Jin Ge, Fan Xiaomei, Liang Xiaoliang, Dai Honghong, Wang Jun
Department of Gynecology, the Fourth Hospital of Hebei Medical University, Shijiazhuang, China.
Department of Radiation Oncology, the Fourth Hospital of Hebei Medical University, Hebei Clinical Research Center for Radiation Oncology, Shijiazhuang, China.
Front Genet. 2025 Jul 30;16:1578075. doi: 10.3389/fgene.2025.1578075. eCollection 2025.

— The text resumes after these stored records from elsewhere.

(* A finite simple graph $G$ is chordal, claw-free, and tent-free if and only if it is strongly chordal and claw-free.
   Context: A graph is chordal if it has no induced cycle of length at least $4$. A perfect elimination order of $G$ is an ordering $v_1,\dots,v_n$ of the vertices such that whenever $v_iv_j,v_iv_k\in E(G)$ with $i<j,k$, then $v_jv_k\in E(G)$. A strong elimination order is a perfect elimination order such that whenever $v_iv_k, v_kv_j, v_iv_\ell\in E(G)$ with $i<k<\ell$ and $i<j$, then $v_jv_\ell\in E(G)$. $G$ is strongly chordal if it has a strong elimination order. The claw is $K_{1,3}$. The tent is the graph with vertices $v_1,v_2,v_3,w_1,w_2,w_3$, edges $v_1v_2,v_1v_3,v_2v_3$, and $w_1v_1,w_1v_2,w_2v_2,w_2v_3,w_3v_3,w_3v_1$. ''$H$-free'' means having no induced subgraph isomorphic to $H$. *)

From mathcomp Require Import all_boot.
Set Implicit Arguments. Unset Strict Implicit. Unset Printing Implicit Defensive.

Definition simple_graph (T : finType) (e : rel T) : Prop :=
  symmetric e /\ irreflexive e.

Definition induced_sub (V T : finType) (h : rel V) (e : rel T) : Prop :=
  exists f : V -> T, injective f /\ forall a b, e (f a) (f b) = h a b.

Definition free_of (V T : finType) (h : rel V) (e : rel T) : Prop :=
  ~ induced_sub h e.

INTRODUCTION: Abnormalities in ubiquitination-related pathways or systems are closely associated with various cancers, including cervical cancer (CC). However, the biological function and clinical value of ubiquitination-related genes (UbLGs) in CC remain unclear. This study aimed to explore key UbLGs associated with CC, construct a prognostic model, and investigate their potential clinical and immunological significance. METHODS: Differentially expressed genes (DEGs) between CC (tumor) and standard samples in self-sequencing and TCGA-GTEx-CESC datasets were identified using differential analysis. We identified overlaps between DEGs in both datasets and UbLGs, revealing key crossover genes. Subsequently, biological markers were identified via univariate Cox regression analysis and least absolute shrinkage and selection operator algorithms. After conducting independent prognostic analysis, immune infiltration analysis was performed to investigate the immune cells that differed between the two risk subgroups. Differences in immune checkpoint expression between the subgroups were analyzed. Real-Time Quantitative Polymerase Chain Reaction (RT-qPCR) was performed to confirm the expression trends of the biomarkers. RESULTS: Differentially expressed genes related to ubiquitination were screened from the Self-seq and TCGAGTEx-CESC datasets, and five key biomarkers (MMP1, RNF2, TFRC, SPP1, and CXCL8) were identified. The risk score model constructed based on these biomarkers could effectively predict the survival rate of cervical cancer patients (AUC >0.6 for 1/3/5 years). Immune microenvironment analysis showed that 12 types of immune cells, including memory B cells and M0 macrophages, as well as four immune checkpoints, exhibited significant differences between the high-risk and low-risk groups. RT-qPCR confirmed that MMP1, TFRC, and CXCL8 were upregulated in tumor tissues. DISCUSSION: Our study identified five ubiquitination-related biomarkers, namely, MMP1, RNF2, TFRC, SPP1, and CXCL8, which were significantly associated with CC. The validated risk model demonstrates strong predictive value for patient survival. These findings provide crucial insights into the role of ubiquitination in CC pathogenesis and offer valuable targets for advancing future research and therapeutic strategies.
引言:泛素化相关途径或系统的异常与包括宫颈癌(CC)在内的多种癌症密切相关。然而,泛素化相关基因(UbLGs)在CC中的生物学功能和临床价值仍不清楚。本研究旨在探索与CC相关的关键UbLGs,构建预后模型,并研究其潜在的临床和免疫学意义。 方法:使用差异分析确定自我测序以及TCGA-GTEx-CESC数据集中CC(肿瘤)与标准样本之间的差异表达基因(DEGs)。我们确定了两个数据集中DEGs与UbLGs之间的重叠,揭示了关键的交叉基因。随后,通过单变量Cox回归分析和最小绝对收缩和选择算子算法确定生物学标志物。在进行独立预后分析后,进行免疫浸润分析以研究两个风险亚组之间存在差异的免疫细胞。分析亚组之间免疫检查点表达的差异。进行实时定量聚合酶链反应(RT-qPCR)以确认生物标志物的表达趋势。 结果:从自我测序和TCGA-GTEx-CESC数据集中筛选出与泛素化相关的差异表达基因,并鉴定出五个关键生物标志物(MMP1、RNF2、TFRC、SPP1和CXCL8)。基于这些生物标志物构建的风险评分模型可以有效预测宫颈癌患者的生存率(1/3/5年的AUC>0.6)。免疫微环境分析表明,包括记忆B细胞和M0巨噬细胞在内的12种免疫细胞以及四个免疫检查点在高风险和低风险组之间存在显著差异。RT-qPCR证实MMP1、TFRC和CXCL8在肿瘤组织中上调。 讨论:我们的研究确定了五个与泛素化相关的生物标志物,即MMP1、RNF2、TFRC、SPP1和CXCL8,它们与CC显著相关。经过验证的风险模型对患者生存具有很强的预测价值。这些发现为泛素化在CC发病机制中的作用提供了重要见解,并为推进未来的研究和治疗策略提供了有价值的靶点。